There is this matter of style. We think of style as a way of expressing that is innate (nature) and born of stuff far beyond our ken. Or we think of this as something that can be shaped (nurture) and subject to reason and formulae. Or, as with the nature/nurture dichotomy, the matter is just blended in varying amounts, depending on how lazy we feel. But, there may be ways of considering style that let us access meaning and substance rather than remain entangled with just materiality. I have heard others say (was it Sudek, or Minor White?) that even though we spew out thousands of photographs, mostly we are making the same kind of image.
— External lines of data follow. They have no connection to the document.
Lemma qgen_on_stab_fixing :
  qgen_on (fun M => [/\ stab_fixing M, fixes_col M v & fixes_col M (mate v)]) ->
  qgen_on stab_fixing.
Proof.
move=> fixmv M fM; apply: qgen_on_class_col (stab_fixing_class_col fM).
exact/qgen_on_single_col/qgen_on_fixed_v.
Qed.

End ReducePair.

Lemma exists_qdom_minimal (A : {set 'I_n}) v0 : v0 \in A ->
  exists2 v, v \in A & forall x, x \in A -> qdom x v -> qdom v x.
Proof.
move=> v0A; have [v vA v_min] := arg_minnP (fun v => #|[set x in A | qdom x v]|) v0A.
exists v => // x xA qxv.
have sub : [set y in A | qdom y x] \subset [set y in A | qdom y v].
  by apply/subsetP => y; rewrite !inE => /andP[-> qyx]; apply: qdom_trans qyx qxv.
have : v \in [set y in A | qdom y x].
  suff -> : [set y in A | qdom y x] = [set y in A | qdom y v].
    by rewrite inE qdom_refl andbT.
  by apply/eqP; rewrite eqEcard sub v_min.
by rewrite inE => /andP[].
Qed.

Definition unfixed_pairs M :=
  [set x | paired x && ~~ (fixes_colb M x && fixes_colb M (mate x))].

Lemma stab_unfixed_pairs0 M : stab M -> unfixed_pairs M = set0 -> M = 1%:M.
Proof.
move=> sM U0; apply/matrixP => i j; rewrite mxE.
case pj: (paired j); last by rewrite (stab_unpaired_col sM (negbT pj)).
have : j \notin unfixed_pairs M by rewrite U0 inE.
by rewrite inE pj negbK => /andP[/fixes_colP].
Qed.

Lemma stab_sub_qgen M : stab M -> qgen M.
Proof.
move: {2}#|unfixed_pairs M|.+1 (ltnSn #|unfixed_pairs M|) => w.
elim: w M => // w IHw M lt_w sM.
have [U0|[v0 v0U]] := set_0Vmem (unfixed_pairs M).
  by rewrite (stab_unfixed_pairs0 sM U0); apply: gen_one.
have [v vU v_min] := exists_qdom_minimal v0U.
pose fixed z := fixes_colb M z && fixes_colb M (mate z).
have fixed_mate z : fixed (mate z) = fixed z by rewrite /fixed mateK andbC.
have /andP[pv uv] : paired v && ~~ fixed v by move: vU; rewrite inE.
apply: (qgen_on_stab_fixing fixed_mate pv uv) => [x px ux qxv|M' [[sM' fM'] M'v M'mv]|].
- by apply: v_min; rewrite // inE px ux.
- apply: IHw sM'; rewrite (cardsD1 v) vU add1n ltnS in lt_w.
  apply: leq_trans lt_w; apply/subset_leq_card/subsetP => x; rewrite !inE.
  case/andP=> px ux'; rewrite px /=; apply/andP; split.
    by apply: contraNneq ux' => ->; apply/andP; split; apply/fixes_colP.
  apply: contra ux' => /andP[fx fmx].
  by apply/andP; split; apply/fixes_colP/fM'; rewrite /fixed ?mateK fx fmx.
- by split=> // z /andP[/fixes_colP].
Qed.

End Stabiliser.

Theorem theorem4p4 (g : nat) (adj : rel 'I_(2 * g))
    (adj_irr : forall x, ~~ adj x x) (adj_sym : symmetric adj)
    (star : letter (2 * g) -> letter (2 * g)) (star_bij : bijective star)
    (star_inv : forall u, star (star u) = linv u)
    (a : 'I_g -> letter (2 * g))
    (a_cover : forall x : 'I_(2 * g),
        exists i : 'I_g, bar (a i) = x \/ bar (star (a i)) = x)
    (Q_neq0 : Qform adj a star != 0) :
  forall M : 'M[int]_(2 * g),
    (in_gen (G_gens adj (Qform adj a star)) M
       /\ act2 M (Qform adj a star) = Qform adj a star)
    <-> in_gen (fun N => std_transvection adj star (Qform adj a star) N
                         \/ Q_inversion star (Qform adj a star) N) M.
Proof.
move=> M; split; first exact: stab_sub_qgen.
exact: qgen_sub_stab.
Qed.
(* Let $n=3$, $I_1=\{1,2\}$, $I_2=\{1,3\}$, and $f=f_1+f_2$ with $$f_1=8+\tfrac12x_1^2x_2^4+(x_1^2-2x_1^3)x_2^3+(2x_1+10x_1^2+4x_1^3+3x_1^4)x_2^2+4(x_1-2x_1^2)x_2,\qquad f_2=x_1^2x_3^2.$$ Then $f$ is nonnegative on $\mathbb R^3$, there are no $\sigma_1\in\Sigma[x(I_1)]$, $\sigma_2\in\Sigma[x(I_2)]$ with $f=\sigma_1+\sigma_2$, but there exist $\sigma_1\in\Sigma[x(I_1)]_7$, $\sigma_2\in\Sigma[x(I_2)]_7$ with $$f=\frac{\sigma_1}{\Theta_1^2}+\frac{\sigma_2}{\Theta_2^2},\qquad \Theta_1=(x_1^2+x_2^2+1)(x_1^2+1),\ \Theta_2=(x_1^2+x_3^2+1)(x_1^2+1).$$
   Context: For $T\subseteq\{1,\dots,n\}$, $x(T)=(x_i)_{i\in T}$; $\Sigma[x(T)]$ is the set of sums of squares of polynomials in the variables $x(T)$, and $\Sigma[x(T)]_t$ those sums of squares of polynomials of degree at most $t$. *)

From Stdlib Require Import Reals List.
Open Scope R_scope.

Record mono := Mono { mc : R; e1 : nat; e2 : nat; e3 : nat }.

Definition mono_eval (m : mono) (x1 x2 x3 : R) : R :=
  mc m * x1 ^ e1 m * x2 ^ e2 m * x3 ^ e3 m.

Definition poly := list mono.

Definition peval (p : poly) (x1 x2 x3 : R) : R :=
  fold_right (fun m acc => mono_eval m x1 x2 x3 + acc) 0 p.

Definition mono_in (T : list nat) (t : nat) (m : mono) : Prop :=
  (e1 m <> 0%nat -> In 1%nat T) /\
  (e2 m <> 0%nat -> In 2%nat T) /\
  (e3 m <> 0%nat -> In 3%nat T) /\
  (e1 m + e2 m + e3 m <= t)%nat.

Definition poly_in (T : list nat) (t : nat) (p : poly) : Prop :=
  Forall (mono_in T t) p.

Definition sos_eval (s : list poly) (x1 x2 x3 : R) : R :=
  fold_right (fun p acc => (peval p x1 x2 x3) ^ 2 + acc) 0 s.

Definition SOS_deg (T : list nat) (t : nat) (sigma : R -> R -> R -> R) : Prop :=
  exists s : list poly, Forall (poly_in T t) s /\
    forall x1 x2 x3, sigma x1 x2 x3 = sos_eval s x1 x2 x3.

Definition SOS (T : list nat) (sigma : R -> R -> R -> R) : Prop :=
  exists t, SOS_deg T t sigma.

Definition I1 : list nat := 1%nat :: 2%nat :: nil.
Definition I2 : list nat := 1%nat :: 3%nat :: nil.

Definition f1 (x1 x2 x3 : R) : R :=
  8 + /2 * x1^2 * x2^4 + (x1^2 - 2 * x1^3) * x2^3
  + (2 * x1 + 10 * x1^2 + 4 * x1^3 + 3 * x1^4) * x2^2
  + 4 * (x1 - 2 * x1^2) * x2.

Definition f2 (x1 x2 x3 : R) : R := x1^2 * x3^2.

Definition fpoly (x1 x2 x3 : R) : R := f1 x1 x2 x3 + f2 x1 x2 x3.

Definition Theta1 (x1 x2 x3 : R) : R := (x1^2 + x2^2 + 1) * (x1^2 + 1).
Definition Theta2 (x1 x2 x3 : R) : R := (x1^2 + x3^2 + 1) * (x1^2 + 1).

From Stdlib Require Import Reals List ZArith Lra Lia Psatz.
Import ListNotations.
Open Scope R_scope.

(* The rational decomposition, and with it nonnegativity, comes from explicit
   certificates: f2 Theta2^2 is the square of x1 x3 Theta2, and f1 Theta1^2 has a
   positive definite Gram matrix in the 25 monomials x1^a x2^b of degree at most 7
   occurring in it, so a rounded LDL^T factorization corrected by squares of binomials
   writes it as a sum of squares with rational weights.

   In fact f is not a sum of squares at all. Substituting x_i = y_i t^(w_i) and letting
   t -> oo shows that the squares of an SOS decomposition cannot contain monomials of
   weight above half the maximal weight of f; the weights (-2,1,2), (1,-2,-1), (1,1,2)
   leave only 1, x1 x2, x1 x2^2, x1^2 x2, x1 x3. A combination of point evaluations that
   is nonnegative on squares of such polynomials but negative on f rules out any
   decomposition. *)

Lemma sos_eval_nonneg s x1 x2 x3 : 0 <= sos_eval s x1 x2 x3.
Proof.
  induction s as [|p s IH]; simpl; [lra|].
  pose proof (pow2_ge_0 (peval p x1 x2 x3)); lra.
Qed.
The photographs at the Lal Kila (Red Fort) in Delhi, and here, the Sunspot in Ranakpur suggest this sameness. Graphically, certainly, they are similar – that spiraling motif, akin to projections (in-jections?) of the external world in rectangular prisms, both facets and coheres the photographs. And what these photographs are of is related: India, marble, light, architecture for instance. Posting other such images, as I may over the next few days, provides evidence of a stylistic pathway in my work, and brushing my palms, I could lean back and say, done, validated, self-pat on back, jolly good, and carry on. But carry on where, and what have I really uncovered?

I feel that Makers (artists, scientists, craftspeople, farmers, cooks, parents, teachers…) are very much like field archaeologists. They arrive at a moment of action with care. They glean pathways and find those edges of the unknown that are most likely to yield understanding and knowledge, or at the very least some reassurance that what is discovered relates to what came before. An archaeologist detects and discerns, and carefully separates the less significant from the more significant, all the while (ideally) trying to access signals that point to authenticity.  Logos. I suspect that these photographs are similar not because of my stylistic leanings, but because I keep seeing the same image, and that this persistence is significant. So, having made several, and feeling the significance of the bridging points, I make more. It points to some kind of logos, or authenticity. The sameness of an image also points to a greater theoretical cohesion or rational. And yet the modes of  logos and theory seem in conflict with each other.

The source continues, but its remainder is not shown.